Suddenly his Omega level Precognition flared up. He saw the funeral. And then, he saw a elderly man, bundled in a heavy coat and a simple flat cap, arriving at the cemetery long after the crowds had gone.
He saw Old Steve stand before Peggy's grave. He saw him place a single white rose on the freshly turned earth. He saw the quiet grief of a man saying his final goodbye.
The scene was heartbreaking. But Aryan's precognitive sense was focused on the periphery.
Far in the background, he saw a black car. He saw a flicker of a reflection in its window.

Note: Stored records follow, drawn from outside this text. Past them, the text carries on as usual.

(* Let $T$ be a causal theory with explainable symbols $\mathbf{p}$ all of whose rules are D-rules, let $\Pi$ be the conjunction of $\mathrm{tr}_d[R]$ over all rules $R$ of $T$, and let $CC$ be the conjunction of the completeness constraints for $\mathbf{p}$. Then $\mathrm{SM}_{\mathbf{p}\widehat{\mathbf{p}}}[\Pi\land CC]\models T\land CC$.
   Context: A causal theory $T$ consists of a list $\mathbf{p}$ of distinct predicate constants (explainable symbols, not equality) and a finite set of causal rules $F\Leftarrow G$. With predicate variables $u_p$ ($p\in\mathbf{p}$), list $\mathbf{u}$, $T^\dagger(\mathbf{u})$ is the conjunction of $\forall\mathbf{x}(G\to F^{\mathbf{p}}_{\mathbf{u}})$ over the rules ($\mathbf{x}$ the free variables, $F^{\mathbf{p}}_{\mathbf{u}}$ replaces each $p$ by $u_p$), and $T$ is identified with the sentence $\forall\mathbf{u}(T^\dagger(\mathbf{u})\leftrightarrow(\mathbf{u}=\mathbf{p}))$, where $\mathbf{u}=\mathbf{p}$ is $\bigwedge_p\forall\mathbf{x}(u_p(\mathbf{x})\leftrightarrow p(\mathbf{x}))$. A D-rule has the form $\bigvee_{A\in Pos}A\lor\bigvee_{A\in Neg}\neg A\Leftarrow G$ with $Pos,Neg$ finite sets of atoms with predicates in $\mathbf{p}$ and $G$ without $\to$. For $p\in\mathbf{p}$, $\widehat p$ is a new predicate constant of the same arity; for $A=p(\mathbf{t})$, $\widehat A=\widehat p(\mathbf{t})$. $\mathrm{tr}_d$ of the D-rule is $\widetilde\forall\big(\neg\neg G\land\bigwedge_{A\in Pos}(\widehat A\lor\neg\widehat A)\land\bigwedge_{A\in Neg}(A\lor\neg A)\to\bigvee_{A\in Pos}A\lor\bigvee_{A\in Neg}\widehat A\big)$ ($\widetilde\forall$ = universal closure). $CC$ is the conjunction over $p\in\mathbf{p}$ of $\forall\mathbf{x}\neg(p(\mathbf{x})\land\widehat p(\mathbf{x}))$ and $\forall\mathbf{x}\neg(\neg p(\mathbf{x})\land\neg\widehat p(\mathbf{x}))$. For a logic program $F$ (conjunction of sentences $\widetilde\forall(F_1\to F_2)$ with no other $\to$), $\mathrm{SM}_{\mathbf{p}\widehat{\mathbf{p}}}[F]$ is $F\land\neg\exists\mathbf{u}\widehat{\mathbf{u}}\big(((\mathbf{u},\widehat{\mathbf{u}})<(\mathbf{p},\widehat{\mathbf{p}}))\land F^\diamond(\mathbf{u},\widehat{\mathbf{u}})\big)$, where $\widehat{\mathbf{u}}=(\widehat u_p)$ are further predicate variables, $F^\diamond$ replaces each occurrence of $p$ / $\widehat p$ not in the scope of $\neg$ by $u_p$ / $\widehat u_p$, $p\le q$ is $\forall\mathbf{x}(p(\mathbf{x})\to q(\mathbf{x}))$ (componentwise for tuples) and $\mathbf{a}<\mathbf{b}$ is $(\mathbf{a}\le\mathbf{b})\land\neg(\mathbf{b}\le\mathbf{a})$. $\models$ is classical (second-order) entailment. *)

From mathcomp Require Import all_boot.
From Stdlib Require List.

Set Implicit Arguments.
Unset Strict Implicit.
Unset Printing Implicit Defensive.

Section Syntax.
(* function constants (object constants are 0-ary function constants) *)
Variables (Fn : Type) (far : Fn -> nat).

Inductive term : Type :=
| Var of nat
| App (f : Fn) of ('I_(far f) -> term).

Variables (S : Type) (sar : S -> nat).

(* negation is a primitive connective (so that "without ->" and "not in the
   scope of negation" are syntactic notions, as in the paper). *)
Inductive formula : Type :=
| FBot
| FTop
| FAtom (s : S) of ('I_(sar s) -> term)
| FEq of term & term
| FNeg of formula
| FAnd of formula & formula
| FOr of formula & formula
| FImp of formula & formula
| FAll of nat & formula
| FEx of nat & formula.

Fixpoint noImp (phi : formula) : bool :=
  match phi with
  | FBot | FTop | FAtom _ _ | FEq _ _ => true
  | FNeg f => noImp f
  | FAnd a b | FOr a b => noImp a && noImp b
  | FImp _ _ => false
  | FAll _ f | FEx _ f => noImp f
  end.

Definition bigAnd (l : seq formula) : formula := foldr FAnd FTop l.
Definition bigOr (l : seq formula) : formula := foldr FOr FBot l.

Record atom := Atm { apred : S; aargs : 'I_(sar apred) -> term }.

Definition atomF (a : atom) : formula := @FAtom (apred a) (@aargs a).

End Syntax.

Section Semantics.
Variables (Fn : Type) (far : Fn -> nat) (S : Type) (sar : S -> nat) (D : Type).

Definition finterp := forall f : Fn, ('I_(far f) -> D) -> D.
(* interpretation (or value of a list of predicate variables) of the
   predicate symbols: an (sar s)-ary relation for each s *)
Definition pinterp := forall s : S, ('I_(sar s) -> D) -> Prop.

Fixpoint teval (If : finterp) (e : nat -> D) (t : term far) : D :=
  match t with
  | Var x => e x
  | App f ts => If f (fun i => teval If e (ts i))
  end.

Definition upd (e : nat -> D) (x : nat) (d : D) : nat -> D :=
  fun y => if y == x then d else e y.

(* With Iout = Iin this is ordinary satisfaction; with
   Iout = I[p := u] and Iin = I it is the truth of F^diamond(u). *)
Fixpoint sat2 (If : finterp) (Iout Iin : pinterp) (e : nat -> D)
    (phi : formula far sar) : Prop :=
  match phi with
  | FBot => False
  | FTop => True
  | FAtom s ts => Iout s (fun i => teval If e (ts i))
  | FEq t1 t2 => teval If e t1 = teval If e t2
  | FNeg f => ~ sat2 If Iin Iin e f
  | FAnd a b => sat2 If Iout Iin e a /\ sat2 If Iout Iin e b
  | FOr a b => sat2 If Iout Iin e a \/ sat2 If Iout Iin e b
  | FImp a b => sat2 If Iout Iin e a -> sat2 If Iout Iin e b
  | FAll x f => forall d, sat2 If Iout Iin (upd e x d) f
  | FEx x f => exists d, sat2 If Iout Iin (upd e x d) f
  end.

Definition sat (If : finterp) (I : pinterp) (e : nat -> D) (phi : formula far sar) :=
  sat2 If I I e phi.

Definition satc (If : finterp) (I : pinterp) (phi : formula far sar) :=
  forall e, sat If I e phi.

Definition satP (If : finterp) (I : pinterp) (F : seq (formula far sar)) :=
  forall phi, List.In phi F -> satc If I phi.

Definition pupd (I u : pinterp) (q : pred S) : pinterp :=
  fun s x => if q s then u s x else I s x.

Definition ple (q : pred S) (u v : pinterp) :=
  forall s, q s -> forall x, u s x -> v s x.
Definition plt (q : pred S) (u v : pinterp) := ple q u v /\ ~ ple q v u.
Definition peq (q : pred S) (u v : pinterp) :=
  forall s, q s -> forall x, u s x <-> v s x.

Definition SM (If : finterp) (I : pinterp) (q : pred S) (F : seq (formula far sar)) :=
  satP If I F /\
  ~ (exists u : pinterp, plt q u I /\
       forall phi, List.In phi F -> forall e, sat2 If (pupd I u q) I e phi).

End Semantics.

Section Causal.
Variables (Fn : Type) (far : Fn -> nat) (P : eqType) (par : P -> nat).

(* D-rule  \/Pos A \/ \/Neg ~A <= G *)
Record drule := DRule {
  dpos : seq (atom far par);
  dneg : seq (atom far par);
  dbody : formula far par }.

Definition dhead (R : drule) : formula far par :=
  FOr (bigOr [seq atomF a | a <- dpos R]) (bigOr [seq FNeg (atomF a) | a <- dneg R]).

Definition is_Drule (ps : seq P) (R : drule) : Prop :=
  (forall a, List.In a (dpos R) -> apred a \in ps) /\
  (forall a, List.In a (dneg R) -> apred a \in ps) /\
  noImp (dbody R).

Definition causal_dagger (D : Type) (If : finterp far D) (I u : pinterp par D)
    (ps : seq P) (T : seq drule) : Prop :=
  forall R, List.In R T -> forall e,
    sat If I e (dbody R) -> sat If (pupd I u (fun p => p \in ps)) e (dhead R).

Definition causal_sat (D : Type) (If : finterp far D) (I : pinterp par D)
    (ps : seq P) (T : seq drule) : Prop :=
  forall u : pinterp par D,
    causal_dagger If I u ps T <-> peq (fun p => p \in ps) u I.

(* extended signature: inl p = p, inr p = \hat p *)
Definition hsar (s : P + P) : nat := match s with inl p => par p | inr p => par p end.

Definition hatq (ps : seq P) : pred (P + P) :=
  fun s => match s with inl p => p \in ps | inr p => p \in ps end.

Fixpoint lift (phi : formula far par) : formula far hsar :=
  match phi with
  | FBot => FBot _ _
  | FTop => FTop _ _
  | FAtom s ts => @FAtom _ _ _ hsar (inl s) ts
  | FEq t1 t2 => FEq _ t1 t2
  | FNeg f => FNeg (lift f)
  | FAnd a b => FAnd (lift a) (lift b)
  | FOr a b => FOr (lift a) (lift b)
  | FImp a b => FImp (lift a) (lift b)
  | FAll x f => FAll x (lift f)
  | FEx x f => FEx x (lift f)
  end.

Definition liftA (a : atom far par) : formula far hsar :=
  @FAtom _ _ _ hsar (inl (apred a)) (@aargs _ _ _ _ a).
Definition hatA (a : atom far par) : formula far hsar :=
  @FAtom _ _ _ hsar (inr (apred a)) (@aargs _ _ _ _ a).

(* tr_d of a D-rule (its universal closure is taken by satc / SM) *)
Definition trd (R : drule) : formula far hsar :=
  FImp
    (FAnd (FNeg (FNeg (lift (dbody R))))
      (FAnd (bigAnd [seq FOr (hatA a) (FNeg (hatA a)) | a <- dpos R])
            (bigAnd [seq FOr (liftA a) (FNeg (liftA a)) | a <- dneg R])))
    (FOr (bigOr [seq liftA a | a <- dpos R]) (bigOr [seq hatA a | a <- dneg R])).

Definition vars (n : nat) : 'I_n -> term far := fun i => Var far (nat_of_ord i).

Definition CC1 (p : P) : formula far hsar :=
  FNeg (FAnd (@FAtom _ _ _ hsar (inl p) (@vars (par p)))
             (@FAtom _ _ _ hsar (inr p) (@vars (par p)))).
Definition CC2 (p : P) : formula far hsar :=
  FNeg (FAnd (FNeg (@FAtom _ _ _ hsar (inl p) (@vars (par p))))
             (FNeg (@FAtom _ _ _ hsar (inr p) (@vars (par p))))).

Definition CC (ps : seq P) : seq (formula far hsar) :=
  flatten [seq [:: CC1 p; CC2 p] | p <- ps].

Definition PiD (T : seq drule) : seq (formula far hsar) := [seq trd R | R <- T].

End Causal.

From Pilot Require Import Defs.
From mathcomp Require Import all_boot.
From Stdlib Require List.
From Stdlib Require Import Classical FunctionalExtensionality.

Set Implicit Arguments.
Unset Strict Implicit.
Unset Printing Implicit Defensive.

(* The completeness constraints force \hat p to be the complement of p in every
   model of them.  Given u with T^dagger(u), the interpretation v which keeps
   p only where u holds and \hat p only where u fails lies below I and
   satisfies (Pi /\ CC)^diamond; minimality of I then forces I <= v, i.e.
   p <= u and \hat p <= ~u, so u = p.  Conversely, for u = p the antecedent of
   each tr_d[R] reduces to G (the excluded-middle conjuncts become trivial)
   and its consequent to the head of R, so T^dagger(p) holds. *)

Section Satisfaction.
Variables (Fn : Type) (far : Fn -> nat) (S : Type) (sar : S -> nat) (D : Type).
Variable If : finterp far D.

Lemma sat2_bigOr (A : Type) (f : A -> formula far sar) (l : seq A) Io Ii e :
  sat2 If Io Ii e (bigOr (map f l)) <-> exists2 a, List.In a l & sat2 If Io Ii e (f a).
Proof.
elim: l => [|a l IH] /=; first by split=> [[]|[]].
rewrite IH; split=> [[H|[b Hb H]]|[b [<-|Hb] H]];
  by [exists a; auto | exists b; auto | left | right; exists b].
Qed.

Lemma sat2_bigAnd (A : Type) (f : A -> formula far sar) (l : seq A) Io Ii e :
  sat2 If Io Ii e (bigAnd (map f l)) <-> forall a, List.In a l -> sat2 If Io Ii e (f a).
Proof.
elim: l => [|a l IH] /=; first by split.
rewrite IH; split=> [[Ha Hl] b [<-|Hb]|H]; auto.
Qed.

Lemma teval_vars_surj (n : nat) (x : 'I_n -> D) : inhabited D ->
  exists e, (fun i => teval If e (@vars _ far n i)) = x.
Proof.
case=> d0; exists (fun m => if insub m is Some i then x i else d0).
apply: functional_extensionality => i /=.
by rewrite (insubT (fun m => m < n) (ltn_ord i)); congr x; apply: val_inj.
Qed.

End Satisfaction.

Section Causal.
Variables (Fn : Type) (far : Fn -> nat) (P : eqType) (par : P -> nat) (D : Type).
Variable If : finterp far D.

Lemma sat2_lift (f : formula far par) (Io Ii : pinterp (hsar par) D) e :
  sat2 If Io Ii e (Defs.lift f) <-> sat2 If (fun p => Io (inl p)) (fun p => Ii (inl p)) e f.
Proof.
elim: f Io Ii e => /= [||s ts|t1 t2|f IH|a IHa b IHb|a IHa b IHb|a IHa b IHb|x f IH|x f IH]
  Io Ii e //.
- by rewrite IH.
- by rewrite IHa IHb.
- by rewrite IHa IHb.
- by rewrite IHa IHb.
- by split=> H d; apply/IH.
- by split=> [[d /IH]|[d /IH]]; exists d.
Qed.

Variable ps : seq P.

Lemma CC_mem p : p \in ps ->
  List.In (CC1 far par p) (CC far par ps) /\ List.In (CC2 far par p) (CC far par ps).
Proof.
elim: ps => [|a s IH] //; rewrite in_cons /CC /= -/(CC far par s).
by case/orP=> [/eqP ->|/IH []]; auto.
Qed.

(* The constraints are negations, so F^diamond coincides with F on them. *)
Lemma sat2_CC phi Io Ii e : List.In phi (CC far par ps) ->
  sat2 If Io Ii e phi <-> sat If Ii e phi.
Proof.
elim: ps => [|a s IH] //; rewrite /CC /= -/(CC far par s).
by case=> [<-|[<-|/IH]].
Qed.

Definition complementary (I : pinterp (hsar par) D) :=
  forall p, p \in ps -> forall x, I (inr p) x <-> ~ I (inl p) x.

Lemma CC_complementary I : inhabited D ->
  satP If I (CC far par ps) -> complementary I.
Proof.
move=> HD HCC p Hp x; have [e He] := teval_vars_surj If x HD.
have [H1 H2] := CC_mem Hp.
by have := HCC _ H1 e; have := HCC _ H2 e; rewrite /sat /= He; tauto.
Qed.

Variables (T : seq (drule far par)) (HT : forall R, List.In R T -> is_Drule ps R).
Variable I : pinterp (hsar par) D.
Arguments I : clear implicits.
Hypothesis Icompl : complementary I.

Lemma dagger_of_peq (u : pinterp par D) :
  (forall R, List.In R T -> satc If I (trd R)) ->
  peq (fun p => p \in ps) u (fun p => I (inl p)) ->
  causal_dagger If (fun p => I (inl p)) u ps T.
Proof.
move=> HPi Hu R HR e Hb; have [Hpos [Hneg _]] := HT HR.
have [] := HPi R HR e.
- split; first by apply; apply/sat2_lift.
  by split; apply/sat2_bigAnd => a _ /=; tauto.
- case/sat2_bigOr=> a Ha HIa; left; apply/sat2_bigOr; exists a => //.
  by rewrite /atomF /pupd /= (Hpos a Ha); apply/Hu; first exact: Hpos.
- case/sat2_bigOr=> a Ha HIa; right; apply/sat2_bigOr; exists a => //.
  move: HIa; rewrite /atomF /pupd /= (Hneg a Ha) (Icompl (Hneg a Ha)).
  by move=> HnI /(Hu _ (Hneg a Ha)).
Qed.

Definition split_by (u : pinterp par D) : pinterp (hsar par) D := fun s =>
  match s as s0 return ('I_(hsar par s0) -> D) -> Prop with
  | inl p => fun x => I (inl p) x /\ u p x
  | inr p => fun x => I (inr p) x /\ ~ u p x
  end.

Lemma split_by_le u : ple (hatq ps) (split_by u) I.
Proof. by case=> p _ x []. Qed.

Lemma peq_of_split_by_ge u :
  ple (hatq ps) I (split_by u) -> peq (fun p => p \in ps) u (fun p => I (inl p)).
Proof.
move=> HIv p Hp x; split=> [Hu|/(HIv (inl p) Hp) [] //].
by apply: NNPP => HnI; case: (HIv (inr p) Hp x); [apply/Icompl|].
Qed.

Lemma trd_diamond_split_by u :
  causal_dagger If (fun p => I (inl p)) u ps T ->
  forall R, List.In R T -> forall e,
    sat2 If (pupd I (split_by u) (hatq ps)) I e (trd R).
Proof.
move=> Hdag R HR e [Hnn [/sat2_bigAnd Hp /sat2_bigAnd Hn]].
have [Hpos [Hneg _]] := HT HR.
have Hb : sat If (fun p => I (inl p)) e (dbody R).
  by apply: NNPP => Hb; apply: Hnn => /sat2_lift.
case: (Hdag R HR e Hb) => /sat2_bigOr [a Ha Hua]; [left|right];
  apply/sat2_bigOr; exists a => //.
- move: Hua (Hp a Ha); rewrite /atomF /pupd /= (Hpos a Ha) (Icompl (Hpos a Ha)).
  by move=> Hua; tauto.
- move: Hua (Hn a Ha); rewrite /atomF /pupd /= (Hneg a Ha) (Icompl (Hneg a Ha)).
  by move=> Hua; tauto.
Qed.

End Causal.

Theorem lemma5
  (Fn : Type) (far : Fn -> nat) (P : eqType) (par : P -> nat)
  (ps : seq P) (Hps : uniq ps)
  (T : seq (drule far par)) (HT : forall R, List.In R T -> is_Drule ps R)
  (D : Type) (HD : inhabited D) (If : finterp far D) (I : pinterp (hsar par) D) :
  SM If I (hatq ps) (PiD T ++ CC far par ps) ->
  causal_sat If (fun p => I (inl p)) ps T /\ satP If I (CC far par ps).
Proof.
case=> HPiCC Hmin.
have HCC : satP If I (CC far par ps).
  by move=> phi Hphi; apply: HPiCC; apply/List.in_app_iff; right.
have HPi : forall R, List.In R T -> satc If I (trd R).
  by move=> R HR; apply: HPiCC; apply/List.in_app_iff; left; apply/List.in_map_iff; exists R.
have Icompl := CC_complementary HD HCC.
split=> // u; split; last exact: dagger_of_peq.
move=> Hdag; apply: peq_of_split_by_ge => //; apply: NNPP => HnotI.
apply: Hmin; exists (split_by I u); split; first by split; [apply: split_by_le|].
move=> phi /List.in_app_iff [/List.in_map_iff [R [<- HR]]|Hc] e.
- exact: (trd_diamond_split_by HT Icompl Hdag HR).
- by rewrite (sat2_CC If _ _ _ Hc); apply: HCC.
Qed.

Nick Fury.
He followed the thread, letting his awareness flow forward along Fury's timeline.
The thread of probability now split into a thousand different futures, but one burned brighter than the others, a high probability outcome.
He saw Fury, consumed by this mystery, dedicating his entire shadow network to a single new mission: finding this old man.
He saw Fury finally succeeding, and finally cornering an even older Steve Rogers.
He saw the confrontation. "Who are you? How are you alive?"
And then he saw the most dangerous part.
He saw Fury's paranoid mind refusing to accept the simple truth of a quiet life.
He saw a future where Fury, after months of off the books surveillance, orchestrates a "routine" wellness check on the elderly Rogers, using it as a pretext for his agents to covertly search the house.
He saw them find, hidden in a false bottomed chest in the back of a dusty closet.
A nanotech infused suit and a matching device for the wrist… the Advanced Tech Suit and the Temporal GPS that Tony Stark from another universe had invented. It was the very machine that had brought Steve here.
The moment Fury's agents got their hands on that device, the timeline fractured into chaos.
He saw a future where Fury, obsessed with correcting the mistakes of the past.
He saw them trying to prevent the Chitauri invasion, only to bring it to Earth a decade earlier.
He saw them trying to stop the Snap, only to inadvertently give Thanos the information he needed to acquire the stones even faster.
He saw a dozen different paths, and every single one of them ended in fire, in a world ending war far worse than the one they had originally been fated for.
Steve's harmless existence was a ticking time bomb, and Nick Fury, in his relentless pursuit, was the one who was about to light the fuse.
His consciousness snapped back to the present.
Red Queen's avatar, who had been watching him in silence, instantly registered the change. Her playful expression was replaced by concern.
"Aryan," she said. "Your heart rate just spiked by thirty beats per minute. Your adrenaline levels are elevated. You are exhibiting a classic fight or flight response. Are you ok?"